Work to complete> The entries that follow include a run beginning at the line with "xsection (set_liminf E)" and ending at the line with "exists (k + k + Num.floor (2 * iter j T y))."; restate that run word for word and leave the rest out.

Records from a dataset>
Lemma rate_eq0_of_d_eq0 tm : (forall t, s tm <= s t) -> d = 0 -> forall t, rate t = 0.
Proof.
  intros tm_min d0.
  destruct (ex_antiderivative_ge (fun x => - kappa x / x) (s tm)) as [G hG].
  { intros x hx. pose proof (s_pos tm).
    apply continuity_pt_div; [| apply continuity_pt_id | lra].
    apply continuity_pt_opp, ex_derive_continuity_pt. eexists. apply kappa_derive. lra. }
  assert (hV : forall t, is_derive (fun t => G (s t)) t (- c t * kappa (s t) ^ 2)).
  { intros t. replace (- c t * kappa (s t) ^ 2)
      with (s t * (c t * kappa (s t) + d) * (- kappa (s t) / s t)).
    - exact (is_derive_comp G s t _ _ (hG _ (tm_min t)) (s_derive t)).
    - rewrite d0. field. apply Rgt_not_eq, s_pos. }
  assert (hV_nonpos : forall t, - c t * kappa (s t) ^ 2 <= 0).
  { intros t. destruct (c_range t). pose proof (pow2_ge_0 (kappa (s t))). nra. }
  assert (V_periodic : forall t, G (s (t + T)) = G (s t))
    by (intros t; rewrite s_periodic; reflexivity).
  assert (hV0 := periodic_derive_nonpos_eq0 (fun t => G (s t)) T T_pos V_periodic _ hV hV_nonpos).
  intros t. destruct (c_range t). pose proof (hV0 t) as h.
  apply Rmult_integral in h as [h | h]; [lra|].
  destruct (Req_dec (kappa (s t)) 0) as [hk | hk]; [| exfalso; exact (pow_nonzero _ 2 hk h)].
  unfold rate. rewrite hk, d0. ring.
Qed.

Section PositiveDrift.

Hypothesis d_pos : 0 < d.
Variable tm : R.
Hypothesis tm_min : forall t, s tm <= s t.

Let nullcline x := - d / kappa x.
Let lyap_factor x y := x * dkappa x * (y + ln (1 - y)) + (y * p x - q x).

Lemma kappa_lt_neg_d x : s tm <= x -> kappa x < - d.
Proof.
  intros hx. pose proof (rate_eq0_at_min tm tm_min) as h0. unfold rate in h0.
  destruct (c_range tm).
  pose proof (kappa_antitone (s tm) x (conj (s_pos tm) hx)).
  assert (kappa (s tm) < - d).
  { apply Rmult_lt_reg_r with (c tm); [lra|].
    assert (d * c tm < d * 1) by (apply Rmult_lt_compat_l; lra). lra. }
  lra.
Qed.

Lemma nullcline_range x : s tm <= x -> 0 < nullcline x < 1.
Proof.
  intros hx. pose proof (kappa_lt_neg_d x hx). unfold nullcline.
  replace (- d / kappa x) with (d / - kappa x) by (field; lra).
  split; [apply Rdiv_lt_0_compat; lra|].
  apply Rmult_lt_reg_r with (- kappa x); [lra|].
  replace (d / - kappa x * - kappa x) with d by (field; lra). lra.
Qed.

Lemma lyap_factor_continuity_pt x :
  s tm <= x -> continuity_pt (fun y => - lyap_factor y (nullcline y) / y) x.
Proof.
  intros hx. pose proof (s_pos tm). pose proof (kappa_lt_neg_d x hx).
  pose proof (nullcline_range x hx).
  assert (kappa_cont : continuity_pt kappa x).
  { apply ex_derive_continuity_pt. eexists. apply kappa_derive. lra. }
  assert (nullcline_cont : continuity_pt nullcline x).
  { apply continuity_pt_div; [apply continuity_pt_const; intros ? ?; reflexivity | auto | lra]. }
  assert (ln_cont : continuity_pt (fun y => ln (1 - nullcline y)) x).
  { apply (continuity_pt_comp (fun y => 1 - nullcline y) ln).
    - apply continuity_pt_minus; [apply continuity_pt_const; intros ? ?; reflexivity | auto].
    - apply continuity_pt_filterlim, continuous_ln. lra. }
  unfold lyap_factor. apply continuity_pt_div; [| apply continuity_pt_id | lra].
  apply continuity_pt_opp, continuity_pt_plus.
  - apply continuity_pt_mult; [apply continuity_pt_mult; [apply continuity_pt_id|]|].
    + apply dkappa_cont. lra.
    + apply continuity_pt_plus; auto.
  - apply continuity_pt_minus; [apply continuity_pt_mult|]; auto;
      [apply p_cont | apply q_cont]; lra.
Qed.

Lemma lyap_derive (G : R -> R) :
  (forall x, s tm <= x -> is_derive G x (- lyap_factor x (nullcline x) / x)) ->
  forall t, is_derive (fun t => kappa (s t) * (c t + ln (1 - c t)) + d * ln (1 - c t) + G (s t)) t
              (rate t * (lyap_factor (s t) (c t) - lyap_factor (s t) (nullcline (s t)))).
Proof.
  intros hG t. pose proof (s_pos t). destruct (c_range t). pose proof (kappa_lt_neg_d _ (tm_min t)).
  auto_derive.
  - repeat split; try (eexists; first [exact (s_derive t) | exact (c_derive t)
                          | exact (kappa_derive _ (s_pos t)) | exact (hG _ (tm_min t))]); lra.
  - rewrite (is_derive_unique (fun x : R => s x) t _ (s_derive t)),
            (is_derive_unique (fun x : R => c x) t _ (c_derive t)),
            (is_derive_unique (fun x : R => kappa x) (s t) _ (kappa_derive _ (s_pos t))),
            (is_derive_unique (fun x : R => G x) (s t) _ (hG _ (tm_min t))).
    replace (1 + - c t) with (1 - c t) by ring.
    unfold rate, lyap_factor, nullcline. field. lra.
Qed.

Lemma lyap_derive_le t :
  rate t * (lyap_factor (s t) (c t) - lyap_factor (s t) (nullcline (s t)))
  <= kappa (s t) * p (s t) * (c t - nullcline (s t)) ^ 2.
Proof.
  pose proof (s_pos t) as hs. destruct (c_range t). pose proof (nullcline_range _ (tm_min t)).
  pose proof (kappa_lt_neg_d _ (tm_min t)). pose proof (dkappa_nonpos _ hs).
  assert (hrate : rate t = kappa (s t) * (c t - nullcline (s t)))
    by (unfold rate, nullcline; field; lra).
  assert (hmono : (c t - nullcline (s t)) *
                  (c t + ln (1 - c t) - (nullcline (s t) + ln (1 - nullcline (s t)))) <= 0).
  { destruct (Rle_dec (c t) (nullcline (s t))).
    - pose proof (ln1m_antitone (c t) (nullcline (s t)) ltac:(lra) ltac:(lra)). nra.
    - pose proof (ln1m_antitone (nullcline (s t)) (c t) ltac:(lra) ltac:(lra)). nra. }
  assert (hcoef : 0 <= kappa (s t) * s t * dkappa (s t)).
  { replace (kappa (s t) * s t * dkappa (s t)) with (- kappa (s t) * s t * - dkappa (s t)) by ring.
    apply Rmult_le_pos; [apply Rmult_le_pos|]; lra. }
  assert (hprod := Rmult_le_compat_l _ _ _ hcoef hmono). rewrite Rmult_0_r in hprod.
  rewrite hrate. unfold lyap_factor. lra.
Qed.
--
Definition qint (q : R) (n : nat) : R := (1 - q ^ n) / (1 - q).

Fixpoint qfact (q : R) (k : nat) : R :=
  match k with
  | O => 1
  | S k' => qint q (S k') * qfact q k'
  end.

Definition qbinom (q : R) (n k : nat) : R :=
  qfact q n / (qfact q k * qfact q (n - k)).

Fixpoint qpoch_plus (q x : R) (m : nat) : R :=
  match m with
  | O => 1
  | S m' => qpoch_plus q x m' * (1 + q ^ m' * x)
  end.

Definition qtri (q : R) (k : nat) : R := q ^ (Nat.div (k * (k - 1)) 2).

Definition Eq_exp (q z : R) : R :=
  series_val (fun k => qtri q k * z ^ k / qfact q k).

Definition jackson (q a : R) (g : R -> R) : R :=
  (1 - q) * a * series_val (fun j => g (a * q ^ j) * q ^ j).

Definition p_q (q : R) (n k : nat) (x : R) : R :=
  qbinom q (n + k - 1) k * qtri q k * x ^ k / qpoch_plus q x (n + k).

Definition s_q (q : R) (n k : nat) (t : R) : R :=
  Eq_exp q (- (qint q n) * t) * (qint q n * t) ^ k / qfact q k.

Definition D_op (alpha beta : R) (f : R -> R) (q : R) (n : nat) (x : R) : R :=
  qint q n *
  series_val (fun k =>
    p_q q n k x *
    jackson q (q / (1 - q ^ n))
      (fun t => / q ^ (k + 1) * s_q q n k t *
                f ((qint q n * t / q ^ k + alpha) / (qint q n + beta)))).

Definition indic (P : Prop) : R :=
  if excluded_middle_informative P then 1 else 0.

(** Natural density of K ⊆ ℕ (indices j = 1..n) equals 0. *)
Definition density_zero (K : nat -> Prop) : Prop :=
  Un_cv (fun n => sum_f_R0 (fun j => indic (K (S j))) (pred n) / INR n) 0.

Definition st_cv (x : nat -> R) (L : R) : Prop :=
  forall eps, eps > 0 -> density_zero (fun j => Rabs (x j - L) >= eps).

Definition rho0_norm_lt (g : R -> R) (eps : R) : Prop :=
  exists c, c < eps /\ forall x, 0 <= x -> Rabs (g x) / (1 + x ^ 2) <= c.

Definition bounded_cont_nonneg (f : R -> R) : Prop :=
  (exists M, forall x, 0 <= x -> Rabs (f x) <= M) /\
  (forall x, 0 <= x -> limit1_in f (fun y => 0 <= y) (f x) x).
* * *
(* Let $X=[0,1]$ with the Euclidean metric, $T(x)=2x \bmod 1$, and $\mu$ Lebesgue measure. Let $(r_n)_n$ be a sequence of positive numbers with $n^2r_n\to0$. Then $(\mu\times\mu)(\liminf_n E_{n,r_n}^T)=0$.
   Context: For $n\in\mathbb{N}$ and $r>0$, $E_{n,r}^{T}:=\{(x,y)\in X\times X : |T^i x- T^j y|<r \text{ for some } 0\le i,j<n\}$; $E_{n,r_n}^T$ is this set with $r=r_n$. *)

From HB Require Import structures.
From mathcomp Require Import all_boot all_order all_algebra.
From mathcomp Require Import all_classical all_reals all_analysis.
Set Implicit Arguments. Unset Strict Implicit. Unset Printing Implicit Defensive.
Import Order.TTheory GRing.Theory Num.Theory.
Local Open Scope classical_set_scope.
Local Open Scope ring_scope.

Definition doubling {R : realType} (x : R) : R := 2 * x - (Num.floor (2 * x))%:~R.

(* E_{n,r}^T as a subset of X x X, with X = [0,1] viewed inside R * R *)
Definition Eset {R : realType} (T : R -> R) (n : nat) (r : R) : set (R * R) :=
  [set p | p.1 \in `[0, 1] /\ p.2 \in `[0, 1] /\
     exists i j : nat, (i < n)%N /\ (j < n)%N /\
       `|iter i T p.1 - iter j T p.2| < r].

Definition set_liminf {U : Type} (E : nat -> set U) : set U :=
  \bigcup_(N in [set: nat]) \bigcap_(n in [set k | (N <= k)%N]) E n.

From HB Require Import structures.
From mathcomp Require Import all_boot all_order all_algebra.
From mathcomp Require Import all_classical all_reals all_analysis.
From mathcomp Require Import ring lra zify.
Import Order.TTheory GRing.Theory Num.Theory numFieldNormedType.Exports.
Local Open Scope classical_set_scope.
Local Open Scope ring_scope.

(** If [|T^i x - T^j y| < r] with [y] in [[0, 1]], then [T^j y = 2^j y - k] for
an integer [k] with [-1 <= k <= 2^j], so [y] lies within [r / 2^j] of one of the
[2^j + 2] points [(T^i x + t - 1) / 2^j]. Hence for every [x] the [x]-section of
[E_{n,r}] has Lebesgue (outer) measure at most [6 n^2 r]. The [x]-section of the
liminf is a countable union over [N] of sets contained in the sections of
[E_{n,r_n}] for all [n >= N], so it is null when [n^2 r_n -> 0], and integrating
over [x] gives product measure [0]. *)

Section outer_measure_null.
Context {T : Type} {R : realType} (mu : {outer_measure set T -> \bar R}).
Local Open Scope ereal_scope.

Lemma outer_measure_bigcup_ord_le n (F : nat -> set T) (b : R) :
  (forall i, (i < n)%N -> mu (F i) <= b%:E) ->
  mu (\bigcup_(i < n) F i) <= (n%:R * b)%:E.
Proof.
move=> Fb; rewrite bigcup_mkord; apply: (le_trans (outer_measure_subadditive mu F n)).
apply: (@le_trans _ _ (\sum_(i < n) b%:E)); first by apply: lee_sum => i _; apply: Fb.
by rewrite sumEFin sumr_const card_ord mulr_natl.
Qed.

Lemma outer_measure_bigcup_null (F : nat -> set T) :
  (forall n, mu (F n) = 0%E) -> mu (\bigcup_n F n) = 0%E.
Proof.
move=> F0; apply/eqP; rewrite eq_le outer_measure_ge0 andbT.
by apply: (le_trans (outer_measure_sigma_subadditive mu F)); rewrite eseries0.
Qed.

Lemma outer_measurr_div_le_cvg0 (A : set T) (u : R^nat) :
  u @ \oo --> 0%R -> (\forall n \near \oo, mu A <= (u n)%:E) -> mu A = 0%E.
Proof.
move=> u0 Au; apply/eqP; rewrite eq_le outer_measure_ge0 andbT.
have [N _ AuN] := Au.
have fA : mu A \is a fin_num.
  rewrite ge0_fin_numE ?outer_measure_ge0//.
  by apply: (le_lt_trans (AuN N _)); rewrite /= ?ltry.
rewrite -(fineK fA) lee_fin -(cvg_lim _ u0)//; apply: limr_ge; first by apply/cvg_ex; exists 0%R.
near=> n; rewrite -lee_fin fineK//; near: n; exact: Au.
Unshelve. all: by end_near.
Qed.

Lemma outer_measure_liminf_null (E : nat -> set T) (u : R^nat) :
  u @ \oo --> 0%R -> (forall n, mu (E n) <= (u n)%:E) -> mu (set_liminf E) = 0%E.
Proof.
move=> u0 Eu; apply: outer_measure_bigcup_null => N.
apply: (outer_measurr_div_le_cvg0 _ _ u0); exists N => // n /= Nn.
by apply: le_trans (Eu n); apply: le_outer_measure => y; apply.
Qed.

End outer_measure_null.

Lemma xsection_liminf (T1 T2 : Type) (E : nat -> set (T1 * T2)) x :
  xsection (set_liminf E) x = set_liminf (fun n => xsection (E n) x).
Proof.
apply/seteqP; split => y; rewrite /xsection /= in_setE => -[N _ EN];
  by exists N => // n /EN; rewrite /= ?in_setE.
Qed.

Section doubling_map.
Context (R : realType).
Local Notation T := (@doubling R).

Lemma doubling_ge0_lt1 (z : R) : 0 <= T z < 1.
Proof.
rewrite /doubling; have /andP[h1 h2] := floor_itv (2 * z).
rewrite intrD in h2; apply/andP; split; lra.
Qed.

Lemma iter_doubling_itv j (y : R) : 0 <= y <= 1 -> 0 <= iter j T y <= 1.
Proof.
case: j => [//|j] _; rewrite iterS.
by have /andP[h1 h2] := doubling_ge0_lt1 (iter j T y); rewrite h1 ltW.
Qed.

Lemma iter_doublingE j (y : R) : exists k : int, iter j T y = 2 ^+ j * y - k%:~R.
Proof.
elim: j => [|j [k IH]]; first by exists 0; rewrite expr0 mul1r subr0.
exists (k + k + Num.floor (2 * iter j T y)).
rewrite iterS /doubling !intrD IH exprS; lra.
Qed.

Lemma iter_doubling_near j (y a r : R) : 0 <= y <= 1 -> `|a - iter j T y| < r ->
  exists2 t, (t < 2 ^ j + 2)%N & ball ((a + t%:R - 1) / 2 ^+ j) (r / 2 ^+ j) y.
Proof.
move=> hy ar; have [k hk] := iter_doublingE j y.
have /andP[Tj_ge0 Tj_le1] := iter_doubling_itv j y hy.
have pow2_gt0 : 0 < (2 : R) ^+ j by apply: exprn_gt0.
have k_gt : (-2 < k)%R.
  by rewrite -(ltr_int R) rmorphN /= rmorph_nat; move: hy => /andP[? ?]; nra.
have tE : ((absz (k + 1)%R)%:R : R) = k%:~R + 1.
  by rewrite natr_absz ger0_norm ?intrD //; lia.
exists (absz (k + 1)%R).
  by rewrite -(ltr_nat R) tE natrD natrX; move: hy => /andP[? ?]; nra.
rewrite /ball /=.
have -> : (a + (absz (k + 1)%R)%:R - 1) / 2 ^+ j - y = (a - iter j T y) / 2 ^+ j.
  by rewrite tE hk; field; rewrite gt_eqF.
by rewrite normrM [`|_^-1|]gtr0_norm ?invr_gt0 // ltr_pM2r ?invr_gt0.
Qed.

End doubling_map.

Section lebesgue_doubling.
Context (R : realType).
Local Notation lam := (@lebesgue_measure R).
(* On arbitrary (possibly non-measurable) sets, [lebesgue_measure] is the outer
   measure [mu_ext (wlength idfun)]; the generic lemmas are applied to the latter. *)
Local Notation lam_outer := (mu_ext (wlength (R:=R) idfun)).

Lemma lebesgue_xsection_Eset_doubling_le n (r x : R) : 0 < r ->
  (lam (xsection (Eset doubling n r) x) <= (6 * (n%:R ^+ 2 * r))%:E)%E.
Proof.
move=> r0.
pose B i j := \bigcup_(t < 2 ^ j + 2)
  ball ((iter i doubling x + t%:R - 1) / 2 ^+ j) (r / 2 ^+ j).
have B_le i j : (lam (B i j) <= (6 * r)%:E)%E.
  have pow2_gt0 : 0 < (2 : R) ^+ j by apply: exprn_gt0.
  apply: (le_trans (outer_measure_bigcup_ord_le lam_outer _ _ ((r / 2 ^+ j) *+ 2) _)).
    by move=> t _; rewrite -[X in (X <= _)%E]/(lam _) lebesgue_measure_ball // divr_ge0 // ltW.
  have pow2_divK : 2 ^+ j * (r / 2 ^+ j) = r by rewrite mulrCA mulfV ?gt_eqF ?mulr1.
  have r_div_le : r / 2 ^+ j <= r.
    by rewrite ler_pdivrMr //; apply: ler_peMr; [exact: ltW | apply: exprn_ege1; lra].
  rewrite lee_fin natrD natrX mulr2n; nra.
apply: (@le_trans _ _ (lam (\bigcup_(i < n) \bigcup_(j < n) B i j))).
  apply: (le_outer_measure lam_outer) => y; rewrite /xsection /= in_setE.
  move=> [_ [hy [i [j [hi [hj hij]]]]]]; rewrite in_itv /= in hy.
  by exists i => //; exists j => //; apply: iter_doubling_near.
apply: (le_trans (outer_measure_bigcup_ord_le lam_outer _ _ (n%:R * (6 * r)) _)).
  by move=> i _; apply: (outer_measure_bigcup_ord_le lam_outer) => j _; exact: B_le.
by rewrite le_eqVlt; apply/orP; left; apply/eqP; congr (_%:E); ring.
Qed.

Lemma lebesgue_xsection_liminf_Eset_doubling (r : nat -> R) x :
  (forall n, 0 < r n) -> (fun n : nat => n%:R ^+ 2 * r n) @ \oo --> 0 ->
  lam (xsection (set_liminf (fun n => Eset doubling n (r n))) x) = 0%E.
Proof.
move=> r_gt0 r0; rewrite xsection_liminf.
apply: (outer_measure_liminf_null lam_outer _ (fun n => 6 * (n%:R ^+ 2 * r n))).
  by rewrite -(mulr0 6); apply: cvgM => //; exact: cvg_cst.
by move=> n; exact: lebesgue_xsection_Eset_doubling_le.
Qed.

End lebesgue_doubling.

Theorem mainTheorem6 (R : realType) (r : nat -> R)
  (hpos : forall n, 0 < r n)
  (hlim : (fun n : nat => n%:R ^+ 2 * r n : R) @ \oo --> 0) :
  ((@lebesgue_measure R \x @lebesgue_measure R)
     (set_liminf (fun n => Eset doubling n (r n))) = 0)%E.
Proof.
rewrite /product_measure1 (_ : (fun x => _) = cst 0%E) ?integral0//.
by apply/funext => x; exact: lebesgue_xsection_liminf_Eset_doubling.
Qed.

Answer to this task>
  xsection (set_liminf E) x = set_liminf (fun n => xsection (E n) x).
Proof.
apply/seteqP; split => y; rewrite /xsection /= in_setE => -[N _ EN];
  by exists N => // n /EN; rewrite /= ?in_setE.
Qed.

Section doubling_map.
Context (R : realType).
Local Notation T := (@doubling R).

Lemma doubling_ge0_lt1 (z : R) : 0 <= T z < 1.
Proof.
rewrite /doubling; have /andP[h1 h2] := floor_itv (2 * z).
rewrite intrD in h2; apply/andP; split; lra.
Qed.

Lemma iter_doubling_itv j (y : R) : 0 <= y <= 1 -> 0 <= iter j T y <= 1.
Proof.
case: j => [//|j] _; rewrite iterS.
by have /andP[h1 h2] := doubling_ge0_lt1 (iter j T y); rewrite h1 ltW.
Qed.

Lemma iter_doublingE j (y : R) : exists k : int, iter j T y = 2 ^+ j * y - k%:~R.
Proof.
elim: j => [|j [k IH]]; first by exists 0; rewrite expr0 mul1r subr0.
exists (k + k + Num.floor (2 * iter j T y)).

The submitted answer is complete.